Marines Pitching Service as Western Pacific Recon Asset for Combined Joint Force

July 28, 2022 4:53 PM - Updated: July 28, 2022 6:27 PM
Marine Corps Cpl. Alexander Tran, intelligence specialist with 1st Battalion, 12th Marines, 3rd Marine Division, launches a RQ-20B Puma at Pōhakuloa Training Area, Hawaii, July 20, 2022. US Marine Corps Photo

MARINE CORPS BASE HAWAII — As the Marine Corps reshapes its force for a future conflict in the Western Pacific, the service is refining how to meet the reconnaissance mission for the wider U.S. military.

The Marine Corps is a year away from the initial operational capability for the Stand-in Forces concept, meaning Marines would have the capabilities needed to deploy for expanded reconnaissance missions in the region.

In a recent interview with USNI News, Col.
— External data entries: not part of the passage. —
Lemma extension_num p f g : prime_ideal p -> g.[0] = 1 ->
  extension p (f%:F / g%:F) -> poly_in p f.
Proof.
move=> hp g0 [f' [g' [g'0 pf' /(frac_cross_eq g0 g'0) eq_fg]]].
have /(poly_in_prime hp) [//|] : poly_in p (f * g').
  by rewrite eq_fg; apply: poly_inMl => //; case: hp.
by move/poly_in_coef0; rewrite -horner_coef0 => /(_ hp g'0).
Qed.

Lemma extension_prime p : prime_ideal p -> is_prime_ideal E (extension p).
Proof.
move=> hp; have ip : is_ideal (fun _ : D => True) p by case: hp.
split; first split.
- by move=> z [f [g [g0 _ ->]]]; exists f, g.
- by exists 0, 1; rewrite hornerC tofrac0 mul0r; split=> // i; rewrite coef0; case: ip.
- move=> x y [f1 [g1 [g10 p1 ->]]] [f2 [g2 [g20 p2 ->]]].
  exists (f1 * g2 + f2 * g1), (g1 * g2); rewrite hornerM g10 g20 mulr1.
  split=> //; first by apply: poly_inD => //; apply: poly_inMl.
  by rewrite addf_div ?tofrac_neq0 // tofracD !tofracM.
- move=> r x [f1 [g1 [g10 ->]]] [f2 [g2 [g20 p2 ->]]].
  exists (f1 * f2), (g1 * g2); rewrite hornerM g10 g20 mulr1.
  by split=> //; [apply: poly_inMr | rewrite mulf_div !tofracM].
- rewrite -tofrac1 -[1%:F]divr1 => /(extension_num hp (hornerC 1 0)).
  by apply: poly_in_coef0; rewrite // coefC.
- move=> x y [f1 [g1 [g10 ->]]] [f2 [g2 [g20 ->]]].
  rewrite mulf_div -!tofracM => /(extension_num hp).
  rewrite hornerM g10 g20 mulr1 => /(_ erefl) /(poly_in_prime hp) [pf|pf].
    by left; exists f1, g1.
  by right; exists f2, g2.
Qed.

Lemma extension_min p Q : is_ideal E Q -> (forall c, p c -> Q (cst c)) ->
  forall z, extension p z -> Q z.
Proof.
move=> hQ Qp z [f [g [g0 pf ->]]]; apply/ideal_fracE => //.
have [_ Q0 QD QM] := hQ.
rewrite -[f]coefK poly_def rmorph_sum; elim/big_ind: _ => // i _.
by rewrite /= -mul_polyC tofracM mulrC; apply: QM; [apply: locA_tofrac | apply: Qp].
Qed.

Lemma extension_mono p p' : (forall c, p c -> p' c) ->
  forall z, extension p z -> extension p' z.
Proof. by move=> pp' z [f [g [g0 pf ->]]]; exists f, g; split=> // i; apply: pp'. Qed.

Lemma contraction_prime Q : is_prime_ideal E Q -> prime_ideal (contraction Q).
Proof.
case=> [[_ Q0 QD QM] Q1 Qmul]; rewrite /contraction; split; first split.
- by [].
- by rewrite tofrac0.
- by move=> x y; rewrite polyCD tofracD; apply: QD.
- by move=> r x _; rewrite polyCM tofracM; apply: QM; apply: locA_tofrac.
- by rewrite tofrac1.
- by move=> x y _ _; rewrite polyCM tofracM; apply: Qmul; apply: locA_tofrac.
Qed.

Lemma contraction_extension p c : prime_ideal p -> contraction (extension p) c <-> p c.
Proof.
move=> hp; have ip : is_ideal (fun _ : D => True) p by case: hp.
rewrite /contraction -[_%:F]divr1 -tofrac1; split.
  by move/(extension_num hp (hornerC 1 0))/(poly_inC _ ip).
by move=> pc; exists c%:P, 1; rewrite hornerC; split=> //; apply/poly_inC.
Qed.

Lemma extension_assoc_prime p : is_assoc_prime (fun _ : D => True) p ->
  is_assoc_prime E (extension p).
Proof.
move=> [a [b [_ _ ndvd [hp colp pmin]]]].
have ip : is_ideal (fun _ : D => True) p by case: hp.
exists (cst a), (cst b); split; [exact: locA_tofrac | exact: locA_tofrac | | split].
- move=> [_ [u [v [v0 ->]]] eq_ab]; apply: ndvd; exists u`_0 => //.
  move: eq_ab; rewrite mulrA -tofracM -[cst b]divr1 -tofrac1.
  move/(frac_cross_eq (hornerC 1 0) v0)/(congr1 (fun q : {poly D} => q`_0)).
  by rewrite /= mulr1 !coefCM -horner_coef0 v0 mulr1.
- exact: extension_prime.
- move=> x [[f [g [g0 ->]]] [_ [u [v [v0 ->]]] eq_fg]].
  move: eq_fg; rewrite mulrAC mulrA -!tofracM => /(frac_cross_eq g0 v0) eq_fg.
  have : poly_in p (f * v).
    move=> k; apply: colp; split=> //; exists (u * g)`_k => //.
    have := congr1 (fun q : {poly D} => q`_k) eq_fg.
    by rewrite /= mulrAC coefMC -[a%:P * u * g]mulrA coefCM.
  case/(poly_in_prime hp) => [pf|]; first by exists f, g.
  by move/poly_in_coef0; rewrite -horner_coef0 => /(_ hp v0).
- move=> Q' hQ' colQ' Q'p; have [iQ' _ _] := hQ'.
  apply: extension_min => // c; apply: (pmin (contraction Q')).
  + exact: contraction_prime.
  + move=> d [_ [y _ eq_db]]; apply: colQ'; split; first exact: locA_tofrac.
    by exists (cst y); [exact: locA_tofrac | rewrite -!tofracM -!polyCM eq_db].
  + by move=> d /Q'p /(contraction_extension d hp).
Qed.

Lemma ideal_min_size_num Q : is_ideal E Q -> (exists2 z, Q z & z != 0) ->
  exists g : {poly D},
    [/\ g != 0, Q g%:F & forall f, f != 0 -> Q f%:F -> (size g <= size f)%N].
Proof.
move=> hQ [z Qz z0]; have [QS _ _ _] := hQ.
pose P n := exists g : {poly D}, [/\ g != 0, Q g%:F & size g = n].
have [|n [[g [g0 Qg sg]] gmin]] := classic_ex_minn (P := P).
  have [f [g [g0 ez]]] := QS _ Qz; rewrite ez in Qz z0.
  exists (size f), f; split=> //; last exact/(ideal_fracE f hQ g0).
  by apply: contra_neq z0 => ->; rewrite tofrac0 mul0r.
by exists g; split=> // f f0 Qf; rewrite sg; apply: gmin; exists f.
Qed.

Lemma min_size_num_divp Q g : is_ideal E Q -> Q g%:F -> g != 0 ->
  (forall f, f != 0 -> Q f%:F -> (size g <= size f)%N) ->
  forall h, Q h%:F -> lead_coef g ^+ scalp h g *: h = (h %/ g) * g.
Proof.
move=> [_ _ QD QM] Qg g0 gmin h Qh; have e := Pdiv.Idomain.divp_eq h g.
suff r0 : h %% g = 0 by rewrite e r0 addr0.
apply: contrapT => /eqP r0.
have : Q (h %% g)%:F.
  rewrite -[h %% g](addKr (h %/ g * g)) -e -mul_polyC tofracD tofracN !tofracM.
  apply: QD; last by apply: QM => //; apply: locA_tofrac.
  by rewrite -mulNr; apply: QM => //; apply/locAN/locA_tofrac.
by move/(gmin _ r0); rewrite leqNgt Pdiv.Idomain.ltn_modpN0.
Qed.

Lemma size_scale_eq_mul (c : D) (f q g : {poly D}) : c != 0 -> f != 0 ->
  (1 < size g)%N -> c *: f = q * g -> q != 0 /\ (size q < size f)%N.
Proof.
move=> c0 f0 sg e; have g0 : g != 0 by rewrite -size_poly_gt0 ltnW.
have q0 : q != 0.
  apply/eqP => q0; move/eqP: e; rewrite q0 mul0r scale_poly_eq0 (negPf c0) /=.
  exact/negP.
split=> //; have := size_scale f c0; rewrite e size_mul //.
have := size_poly_gt0 q; rewrite q0; lia.
Qed.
Stephen Fiscus, the assistant chief of staff for force development at Marine Corps Forces Pacific, described the vision for SIF as having nearly all of the service’s force laydown in the Indo-Pacific acting as the reconnaissance arm for the combined joint force.

“To be inside and to be able to understand and report on what the enemy is doing, basically to be able to … the wonky way of describing it is the ability to gain and maintain custody of high-value targets and hold them at risk, with our own resources or joint force resources,” Fiscus said.

“[Special Operations Forces] has the capability to do that, but certainly the Marine Corps has the capability to do that at much greater scale, and with much greater persistence. SOF can’t do it at scale and at the capacity that we can,” he added.

The Marines argue that because they’re already operating in places like Okinawa, Japan, part of the first island chain that is in the range of Chinese weapons, they are in the position to perform the reconnaissance and counter-reconnaissance missions in a potential conflict.

“As part of the Stand-in Force, what that really means to the [Marine Littoral Regiment] is, we look at it to deter malign behavior, to operate inside the enemy’s weapons engagement zone, to support sea control and sea denial operations and then ultimately … to set the conditions for joint force and combined follow-on actions as part of that Stand-in Force,” Col. Timothy Brady, the commanding officer of the recently re-designated 3rd Marine Littoral Regiment, told USNI News.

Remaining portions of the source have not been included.